WHAT THE TASK ASKS: Go over each line of the entries below, count those with "induced", and give only the count.

DATA TO USE:

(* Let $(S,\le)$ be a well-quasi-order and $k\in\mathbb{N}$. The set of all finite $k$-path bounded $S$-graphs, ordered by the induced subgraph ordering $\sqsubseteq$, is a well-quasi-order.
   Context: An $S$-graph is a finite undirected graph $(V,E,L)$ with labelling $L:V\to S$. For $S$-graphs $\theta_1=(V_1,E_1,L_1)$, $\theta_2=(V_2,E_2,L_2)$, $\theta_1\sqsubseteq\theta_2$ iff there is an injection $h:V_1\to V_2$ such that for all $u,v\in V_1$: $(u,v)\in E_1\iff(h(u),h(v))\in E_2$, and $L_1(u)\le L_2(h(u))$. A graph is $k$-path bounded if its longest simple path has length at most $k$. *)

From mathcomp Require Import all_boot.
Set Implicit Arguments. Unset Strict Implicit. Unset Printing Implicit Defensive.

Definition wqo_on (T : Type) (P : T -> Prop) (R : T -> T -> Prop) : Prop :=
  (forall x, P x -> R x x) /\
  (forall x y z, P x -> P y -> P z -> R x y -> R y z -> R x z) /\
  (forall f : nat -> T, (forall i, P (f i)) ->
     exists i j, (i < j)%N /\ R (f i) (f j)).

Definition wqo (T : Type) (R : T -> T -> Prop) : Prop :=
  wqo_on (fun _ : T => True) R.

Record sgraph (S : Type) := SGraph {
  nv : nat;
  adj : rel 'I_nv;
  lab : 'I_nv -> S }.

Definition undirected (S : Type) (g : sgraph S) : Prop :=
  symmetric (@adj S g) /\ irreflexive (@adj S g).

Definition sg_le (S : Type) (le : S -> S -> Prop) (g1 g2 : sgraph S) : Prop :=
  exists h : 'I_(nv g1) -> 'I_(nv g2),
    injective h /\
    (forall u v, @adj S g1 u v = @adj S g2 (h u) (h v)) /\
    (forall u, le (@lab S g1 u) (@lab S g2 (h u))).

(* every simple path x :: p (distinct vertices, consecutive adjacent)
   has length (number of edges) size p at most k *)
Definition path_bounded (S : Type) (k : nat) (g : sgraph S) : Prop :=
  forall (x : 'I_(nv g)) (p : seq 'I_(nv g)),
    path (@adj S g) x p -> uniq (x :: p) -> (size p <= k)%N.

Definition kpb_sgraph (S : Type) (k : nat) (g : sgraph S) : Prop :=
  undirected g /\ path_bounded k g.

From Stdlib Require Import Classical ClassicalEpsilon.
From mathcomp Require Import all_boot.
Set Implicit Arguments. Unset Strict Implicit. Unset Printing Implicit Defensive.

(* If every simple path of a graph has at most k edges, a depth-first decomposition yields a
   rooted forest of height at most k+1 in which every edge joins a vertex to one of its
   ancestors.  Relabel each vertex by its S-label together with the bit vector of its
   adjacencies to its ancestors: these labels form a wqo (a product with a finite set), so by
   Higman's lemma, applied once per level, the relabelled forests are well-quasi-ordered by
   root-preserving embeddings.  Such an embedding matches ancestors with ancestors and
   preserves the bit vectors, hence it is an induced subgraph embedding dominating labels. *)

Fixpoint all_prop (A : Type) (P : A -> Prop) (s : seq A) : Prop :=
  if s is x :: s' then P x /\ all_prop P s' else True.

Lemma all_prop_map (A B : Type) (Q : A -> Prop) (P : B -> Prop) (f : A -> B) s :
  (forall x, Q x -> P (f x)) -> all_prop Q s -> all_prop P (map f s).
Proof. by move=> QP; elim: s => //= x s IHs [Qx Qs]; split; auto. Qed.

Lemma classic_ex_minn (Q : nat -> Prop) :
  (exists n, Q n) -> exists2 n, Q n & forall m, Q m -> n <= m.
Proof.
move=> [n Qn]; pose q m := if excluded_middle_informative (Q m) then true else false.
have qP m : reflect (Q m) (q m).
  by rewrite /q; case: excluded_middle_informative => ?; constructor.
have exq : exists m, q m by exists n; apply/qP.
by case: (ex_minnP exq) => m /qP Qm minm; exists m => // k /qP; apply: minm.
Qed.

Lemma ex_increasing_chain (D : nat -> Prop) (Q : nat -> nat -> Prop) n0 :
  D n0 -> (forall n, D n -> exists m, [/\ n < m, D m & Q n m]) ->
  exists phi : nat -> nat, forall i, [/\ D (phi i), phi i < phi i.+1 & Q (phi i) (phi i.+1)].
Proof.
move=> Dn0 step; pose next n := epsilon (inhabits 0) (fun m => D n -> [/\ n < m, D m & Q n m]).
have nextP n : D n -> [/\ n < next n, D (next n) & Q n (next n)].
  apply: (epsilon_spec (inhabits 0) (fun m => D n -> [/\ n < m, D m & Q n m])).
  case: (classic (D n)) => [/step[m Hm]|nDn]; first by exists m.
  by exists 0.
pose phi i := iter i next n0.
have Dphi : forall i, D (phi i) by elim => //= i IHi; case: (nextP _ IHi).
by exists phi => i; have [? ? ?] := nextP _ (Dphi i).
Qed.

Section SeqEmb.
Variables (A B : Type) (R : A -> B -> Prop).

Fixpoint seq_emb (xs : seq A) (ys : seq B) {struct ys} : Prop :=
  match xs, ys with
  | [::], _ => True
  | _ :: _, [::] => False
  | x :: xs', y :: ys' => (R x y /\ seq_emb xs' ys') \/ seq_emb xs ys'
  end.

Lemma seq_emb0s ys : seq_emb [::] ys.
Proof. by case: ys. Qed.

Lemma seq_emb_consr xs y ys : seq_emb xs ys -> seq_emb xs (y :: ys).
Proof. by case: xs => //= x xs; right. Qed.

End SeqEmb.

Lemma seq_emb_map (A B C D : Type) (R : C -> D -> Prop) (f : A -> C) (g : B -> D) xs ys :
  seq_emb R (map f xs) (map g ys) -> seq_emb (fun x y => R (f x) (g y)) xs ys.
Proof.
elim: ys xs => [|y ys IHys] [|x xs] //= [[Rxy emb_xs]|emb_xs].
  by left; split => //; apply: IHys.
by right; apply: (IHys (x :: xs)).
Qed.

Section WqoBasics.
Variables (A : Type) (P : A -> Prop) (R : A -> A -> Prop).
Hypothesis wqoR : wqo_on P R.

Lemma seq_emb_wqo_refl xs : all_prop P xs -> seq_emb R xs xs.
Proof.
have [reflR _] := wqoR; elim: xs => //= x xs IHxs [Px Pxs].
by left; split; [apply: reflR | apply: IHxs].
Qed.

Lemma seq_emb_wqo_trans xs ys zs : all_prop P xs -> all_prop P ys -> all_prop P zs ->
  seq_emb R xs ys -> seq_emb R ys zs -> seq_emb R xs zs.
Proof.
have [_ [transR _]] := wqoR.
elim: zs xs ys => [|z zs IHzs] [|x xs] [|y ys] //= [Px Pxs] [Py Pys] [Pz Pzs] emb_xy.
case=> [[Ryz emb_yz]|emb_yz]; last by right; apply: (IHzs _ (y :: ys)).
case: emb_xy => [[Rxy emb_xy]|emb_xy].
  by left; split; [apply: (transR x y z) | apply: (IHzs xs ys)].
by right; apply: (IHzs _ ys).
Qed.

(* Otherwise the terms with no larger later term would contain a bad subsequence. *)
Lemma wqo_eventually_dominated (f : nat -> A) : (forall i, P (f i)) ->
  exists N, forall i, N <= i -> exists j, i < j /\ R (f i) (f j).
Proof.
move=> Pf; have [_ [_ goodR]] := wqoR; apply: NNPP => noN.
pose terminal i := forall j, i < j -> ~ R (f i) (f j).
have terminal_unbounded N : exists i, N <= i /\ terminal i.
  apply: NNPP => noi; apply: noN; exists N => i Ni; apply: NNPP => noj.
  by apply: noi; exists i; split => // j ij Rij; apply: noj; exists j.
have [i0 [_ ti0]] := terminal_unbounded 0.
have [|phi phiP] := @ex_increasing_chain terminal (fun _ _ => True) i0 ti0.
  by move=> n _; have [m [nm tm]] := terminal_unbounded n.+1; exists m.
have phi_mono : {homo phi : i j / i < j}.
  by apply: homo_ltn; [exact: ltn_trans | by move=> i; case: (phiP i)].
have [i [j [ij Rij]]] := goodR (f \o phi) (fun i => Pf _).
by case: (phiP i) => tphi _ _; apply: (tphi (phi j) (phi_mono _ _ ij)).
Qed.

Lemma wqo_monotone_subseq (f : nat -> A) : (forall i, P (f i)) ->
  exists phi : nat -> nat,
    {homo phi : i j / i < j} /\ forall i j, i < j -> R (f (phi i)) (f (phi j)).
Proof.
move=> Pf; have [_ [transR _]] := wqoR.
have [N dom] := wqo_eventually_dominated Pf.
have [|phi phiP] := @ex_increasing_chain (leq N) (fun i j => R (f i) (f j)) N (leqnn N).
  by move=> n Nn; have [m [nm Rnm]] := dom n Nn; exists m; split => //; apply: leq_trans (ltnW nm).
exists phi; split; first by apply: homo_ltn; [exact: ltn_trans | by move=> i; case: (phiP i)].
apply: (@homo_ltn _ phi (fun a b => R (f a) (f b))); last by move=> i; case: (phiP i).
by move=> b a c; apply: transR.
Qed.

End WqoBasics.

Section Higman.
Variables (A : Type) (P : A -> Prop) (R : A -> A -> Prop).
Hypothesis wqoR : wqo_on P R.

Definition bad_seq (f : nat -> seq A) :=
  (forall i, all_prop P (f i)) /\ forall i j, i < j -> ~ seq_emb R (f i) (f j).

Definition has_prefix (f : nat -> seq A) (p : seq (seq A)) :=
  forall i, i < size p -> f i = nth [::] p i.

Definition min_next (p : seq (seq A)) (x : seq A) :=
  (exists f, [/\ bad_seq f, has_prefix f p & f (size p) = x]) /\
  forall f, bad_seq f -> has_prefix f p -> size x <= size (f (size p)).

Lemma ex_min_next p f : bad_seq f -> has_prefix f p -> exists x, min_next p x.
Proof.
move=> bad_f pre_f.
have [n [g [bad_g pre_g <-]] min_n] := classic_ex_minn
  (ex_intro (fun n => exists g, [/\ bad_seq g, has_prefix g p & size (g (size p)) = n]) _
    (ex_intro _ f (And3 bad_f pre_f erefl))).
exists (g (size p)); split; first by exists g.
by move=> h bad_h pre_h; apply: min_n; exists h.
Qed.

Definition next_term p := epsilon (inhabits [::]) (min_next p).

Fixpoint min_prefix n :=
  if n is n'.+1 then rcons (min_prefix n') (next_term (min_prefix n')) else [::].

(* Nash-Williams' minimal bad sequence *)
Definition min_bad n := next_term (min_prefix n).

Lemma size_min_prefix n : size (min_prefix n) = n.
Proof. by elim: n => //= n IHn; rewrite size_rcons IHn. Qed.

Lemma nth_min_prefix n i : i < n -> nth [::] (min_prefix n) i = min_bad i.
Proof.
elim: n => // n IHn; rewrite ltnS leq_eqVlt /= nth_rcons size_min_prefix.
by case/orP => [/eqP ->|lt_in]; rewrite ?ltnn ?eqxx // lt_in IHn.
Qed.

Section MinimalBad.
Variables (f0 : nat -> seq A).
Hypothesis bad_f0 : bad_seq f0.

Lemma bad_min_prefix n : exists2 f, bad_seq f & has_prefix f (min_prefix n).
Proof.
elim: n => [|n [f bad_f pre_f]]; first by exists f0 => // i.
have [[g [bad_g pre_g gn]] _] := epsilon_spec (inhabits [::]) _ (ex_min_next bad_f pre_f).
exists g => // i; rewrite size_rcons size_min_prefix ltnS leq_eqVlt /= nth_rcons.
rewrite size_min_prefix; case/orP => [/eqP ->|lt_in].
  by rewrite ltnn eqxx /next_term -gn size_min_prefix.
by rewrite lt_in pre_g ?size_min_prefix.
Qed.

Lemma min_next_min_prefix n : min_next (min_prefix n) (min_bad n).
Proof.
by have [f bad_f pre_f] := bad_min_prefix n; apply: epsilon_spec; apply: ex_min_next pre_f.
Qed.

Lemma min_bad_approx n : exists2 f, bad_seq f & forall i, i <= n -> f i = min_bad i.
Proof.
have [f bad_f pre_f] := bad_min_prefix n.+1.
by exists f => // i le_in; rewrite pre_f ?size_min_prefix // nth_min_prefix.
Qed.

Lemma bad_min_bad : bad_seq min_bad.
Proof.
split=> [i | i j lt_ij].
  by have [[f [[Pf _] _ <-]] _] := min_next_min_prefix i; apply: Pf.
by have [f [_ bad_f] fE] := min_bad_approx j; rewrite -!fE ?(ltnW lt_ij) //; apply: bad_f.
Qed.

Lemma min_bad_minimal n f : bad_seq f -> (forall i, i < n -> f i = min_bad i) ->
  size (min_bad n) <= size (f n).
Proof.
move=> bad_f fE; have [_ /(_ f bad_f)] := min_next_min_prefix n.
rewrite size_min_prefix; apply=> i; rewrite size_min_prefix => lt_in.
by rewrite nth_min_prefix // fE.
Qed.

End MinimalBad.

--

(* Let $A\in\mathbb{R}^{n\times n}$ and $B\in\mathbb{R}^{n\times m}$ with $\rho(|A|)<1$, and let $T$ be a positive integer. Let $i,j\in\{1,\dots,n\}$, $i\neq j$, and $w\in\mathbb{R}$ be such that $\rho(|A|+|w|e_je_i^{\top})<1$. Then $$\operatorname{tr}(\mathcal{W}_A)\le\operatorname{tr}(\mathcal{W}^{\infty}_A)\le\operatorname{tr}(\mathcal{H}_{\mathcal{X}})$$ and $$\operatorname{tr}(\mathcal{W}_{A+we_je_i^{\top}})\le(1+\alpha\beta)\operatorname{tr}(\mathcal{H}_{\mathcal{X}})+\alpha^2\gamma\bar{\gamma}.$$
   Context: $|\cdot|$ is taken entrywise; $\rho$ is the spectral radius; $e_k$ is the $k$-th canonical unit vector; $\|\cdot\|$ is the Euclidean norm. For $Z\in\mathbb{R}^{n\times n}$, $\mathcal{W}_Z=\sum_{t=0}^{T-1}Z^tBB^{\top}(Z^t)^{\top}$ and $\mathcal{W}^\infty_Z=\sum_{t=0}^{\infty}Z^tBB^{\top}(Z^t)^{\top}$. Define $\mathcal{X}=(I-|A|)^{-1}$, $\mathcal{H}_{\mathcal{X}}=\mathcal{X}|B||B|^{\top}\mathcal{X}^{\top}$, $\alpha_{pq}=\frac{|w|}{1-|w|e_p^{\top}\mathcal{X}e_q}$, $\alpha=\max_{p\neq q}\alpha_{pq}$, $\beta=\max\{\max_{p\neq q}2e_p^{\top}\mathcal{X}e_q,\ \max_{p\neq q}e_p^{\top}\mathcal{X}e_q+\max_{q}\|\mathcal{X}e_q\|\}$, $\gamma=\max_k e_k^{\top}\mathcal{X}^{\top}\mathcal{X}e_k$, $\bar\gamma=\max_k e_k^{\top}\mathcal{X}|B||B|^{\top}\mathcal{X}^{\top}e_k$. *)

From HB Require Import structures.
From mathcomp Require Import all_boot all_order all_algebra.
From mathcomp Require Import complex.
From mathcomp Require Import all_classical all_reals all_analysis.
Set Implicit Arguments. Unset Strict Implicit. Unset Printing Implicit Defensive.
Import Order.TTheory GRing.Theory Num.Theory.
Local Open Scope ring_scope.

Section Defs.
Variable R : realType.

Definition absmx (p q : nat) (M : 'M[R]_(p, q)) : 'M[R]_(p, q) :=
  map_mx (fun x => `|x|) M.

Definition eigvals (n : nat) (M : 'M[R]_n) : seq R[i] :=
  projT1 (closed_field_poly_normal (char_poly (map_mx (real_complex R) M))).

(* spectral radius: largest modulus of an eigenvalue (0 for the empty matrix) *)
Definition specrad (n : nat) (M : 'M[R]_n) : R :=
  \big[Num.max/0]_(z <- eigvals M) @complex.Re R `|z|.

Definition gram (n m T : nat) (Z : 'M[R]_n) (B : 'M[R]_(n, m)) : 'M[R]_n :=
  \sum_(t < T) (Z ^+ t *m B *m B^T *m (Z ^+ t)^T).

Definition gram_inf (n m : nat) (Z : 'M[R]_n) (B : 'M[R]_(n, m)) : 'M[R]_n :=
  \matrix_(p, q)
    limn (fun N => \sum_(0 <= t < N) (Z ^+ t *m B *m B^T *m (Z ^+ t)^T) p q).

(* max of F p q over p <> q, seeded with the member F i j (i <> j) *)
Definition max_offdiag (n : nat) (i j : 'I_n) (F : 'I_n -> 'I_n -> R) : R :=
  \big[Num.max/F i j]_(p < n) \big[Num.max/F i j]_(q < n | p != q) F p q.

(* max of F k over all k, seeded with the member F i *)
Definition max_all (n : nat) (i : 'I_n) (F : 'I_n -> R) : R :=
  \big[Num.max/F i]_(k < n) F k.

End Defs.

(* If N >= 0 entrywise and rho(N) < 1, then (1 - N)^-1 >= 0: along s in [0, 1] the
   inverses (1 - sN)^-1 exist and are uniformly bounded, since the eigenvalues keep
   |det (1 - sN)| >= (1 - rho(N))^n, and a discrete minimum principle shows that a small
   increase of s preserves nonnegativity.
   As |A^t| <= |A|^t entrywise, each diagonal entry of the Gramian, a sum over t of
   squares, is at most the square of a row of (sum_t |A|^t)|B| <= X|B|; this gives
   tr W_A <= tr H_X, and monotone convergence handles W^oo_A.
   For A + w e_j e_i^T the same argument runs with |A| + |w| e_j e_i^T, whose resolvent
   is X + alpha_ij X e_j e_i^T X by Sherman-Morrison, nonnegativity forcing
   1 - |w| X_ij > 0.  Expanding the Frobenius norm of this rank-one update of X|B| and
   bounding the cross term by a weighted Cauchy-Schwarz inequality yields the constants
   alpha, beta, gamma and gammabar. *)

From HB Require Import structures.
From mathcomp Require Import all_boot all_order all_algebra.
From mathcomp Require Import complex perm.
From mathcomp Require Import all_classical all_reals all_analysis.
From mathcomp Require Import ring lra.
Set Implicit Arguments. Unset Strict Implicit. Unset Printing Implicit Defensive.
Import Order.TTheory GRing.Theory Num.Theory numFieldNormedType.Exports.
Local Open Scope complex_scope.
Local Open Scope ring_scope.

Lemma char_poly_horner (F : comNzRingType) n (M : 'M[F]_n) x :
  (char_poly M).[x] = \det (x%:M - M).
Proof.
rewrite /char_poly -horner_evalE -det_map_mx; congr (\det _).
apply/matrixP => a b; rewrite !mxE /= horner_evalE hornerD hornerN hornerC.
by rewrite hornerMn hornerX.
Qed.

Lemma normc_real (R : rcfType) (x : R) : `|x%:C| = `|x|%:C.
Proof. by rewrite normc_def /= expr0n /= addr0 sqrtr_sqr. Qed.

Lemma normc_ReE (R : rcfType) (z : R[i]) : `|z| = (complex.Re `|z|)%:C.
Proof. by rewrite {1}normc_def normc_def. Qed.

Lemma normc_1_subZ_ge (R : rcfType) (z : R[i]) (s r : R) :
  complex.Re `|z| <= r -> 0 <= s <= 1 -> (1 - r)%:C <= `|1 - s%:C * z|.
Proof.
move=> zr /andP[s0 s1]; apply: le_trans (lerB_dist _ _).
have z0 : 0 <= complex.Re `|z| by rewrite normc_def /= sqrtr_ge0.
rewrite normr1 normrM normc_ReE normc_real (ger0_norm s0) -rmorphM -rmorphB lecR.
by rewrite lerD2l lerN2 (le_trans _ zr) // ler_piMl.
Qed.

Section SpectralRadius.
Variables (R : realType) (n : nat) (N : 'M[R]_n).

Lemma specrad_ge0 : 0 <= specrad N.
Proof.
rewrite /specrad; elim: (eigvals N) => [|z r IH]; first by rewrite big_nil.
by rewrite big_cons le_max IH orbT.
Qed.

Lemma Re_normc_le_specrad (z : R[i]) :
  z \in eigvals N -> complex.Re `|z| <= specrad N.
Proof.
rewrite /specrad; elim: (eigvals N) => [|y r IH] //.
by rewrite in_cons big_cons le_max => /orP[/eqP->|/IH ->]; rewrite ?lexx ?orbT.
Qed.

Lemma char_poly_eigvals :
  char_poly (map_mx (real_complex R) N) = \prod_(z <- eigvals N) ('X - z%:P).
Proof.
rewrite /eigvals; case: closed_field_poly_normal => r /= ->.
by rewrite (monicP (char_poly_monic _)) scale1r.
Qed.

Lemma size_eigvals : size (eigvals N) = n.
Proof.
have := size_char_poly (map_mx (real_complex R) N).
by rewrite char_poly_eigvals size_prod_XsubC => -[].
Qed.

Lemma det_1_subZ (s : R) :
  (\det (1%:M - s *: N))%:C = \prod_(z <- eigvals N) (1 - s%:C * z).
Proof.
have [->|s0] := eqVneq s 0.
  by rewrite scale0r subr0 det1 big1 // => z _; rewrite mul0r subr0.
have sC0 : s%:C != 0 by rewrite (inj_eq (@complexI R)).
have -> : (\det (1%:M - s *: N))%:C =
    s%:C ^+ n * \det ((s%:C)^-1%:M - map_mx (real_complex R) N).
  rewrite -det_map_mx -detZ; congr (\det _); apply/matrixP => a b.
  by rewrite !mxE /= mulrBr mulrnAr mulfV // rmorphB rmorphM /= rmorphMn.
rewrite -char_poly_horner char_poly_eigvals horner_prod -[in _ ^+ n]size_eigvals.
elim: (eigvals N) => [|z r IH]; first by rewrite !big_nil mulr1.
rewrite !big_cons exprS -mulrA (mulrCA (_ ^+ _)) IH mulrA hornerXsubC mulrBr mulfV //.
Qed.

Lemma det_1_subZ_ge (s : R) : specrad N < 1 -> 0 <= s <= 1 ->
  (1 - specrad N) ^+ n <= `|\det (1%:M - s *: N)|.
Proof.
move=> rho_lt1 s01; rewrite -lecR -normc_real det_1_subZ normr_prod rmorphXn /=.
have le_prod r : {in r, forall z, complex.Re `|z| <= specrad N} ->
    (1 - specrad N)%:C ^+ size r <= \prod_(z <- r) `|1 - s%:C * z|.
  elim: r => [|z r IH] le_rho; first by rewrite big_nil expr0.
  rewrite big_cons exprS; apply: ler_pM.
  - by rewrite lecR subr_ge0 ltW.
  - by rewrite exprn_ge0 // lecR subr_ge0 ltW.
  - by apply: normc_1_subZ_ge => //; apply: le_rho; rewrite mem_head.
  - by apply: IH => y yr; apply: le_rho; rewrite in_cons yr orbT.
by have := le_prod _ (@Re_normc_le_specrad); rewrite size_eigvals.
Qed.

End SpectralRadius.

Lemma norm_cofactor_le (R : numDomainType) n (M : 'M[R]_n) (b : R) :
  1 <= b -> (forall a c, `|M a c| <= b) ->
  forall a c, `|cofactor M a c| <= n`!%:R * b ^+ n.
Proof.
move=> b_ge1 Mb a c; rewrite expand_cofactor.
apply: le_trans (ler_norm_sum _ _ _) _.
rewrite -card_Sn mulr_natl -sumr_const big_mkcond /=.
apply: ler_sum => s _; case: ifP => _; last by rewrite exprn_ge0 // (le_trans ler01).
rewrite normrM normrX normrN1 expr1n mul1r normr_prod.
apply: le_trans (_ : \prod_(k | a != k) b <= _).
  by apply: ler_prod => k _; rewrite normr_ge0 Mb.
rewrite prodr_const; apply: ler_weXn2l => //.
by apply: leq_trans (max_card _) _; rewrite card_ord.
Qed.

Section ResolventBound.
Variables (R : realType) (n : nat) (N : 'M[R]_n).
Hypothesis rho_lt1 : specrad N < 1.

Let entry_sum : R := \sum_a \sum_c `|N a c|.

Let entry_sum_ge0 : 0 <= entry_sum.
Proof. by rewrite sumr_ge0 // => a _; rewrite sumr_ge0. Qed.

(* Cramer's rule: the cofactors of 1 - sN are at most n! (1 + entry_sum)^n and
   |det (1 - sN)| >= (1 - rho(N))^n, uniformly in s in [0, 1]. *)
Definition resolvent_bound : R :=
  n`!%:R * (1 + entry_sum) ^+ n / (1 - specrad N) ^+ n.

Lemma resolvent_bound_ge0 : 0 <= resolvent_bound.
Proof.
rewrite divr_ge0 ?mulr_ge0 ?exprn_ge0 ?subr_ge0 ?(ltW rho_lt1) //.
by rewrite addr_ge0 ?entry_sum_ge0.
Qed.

RESPONSE TO THE TASK: 2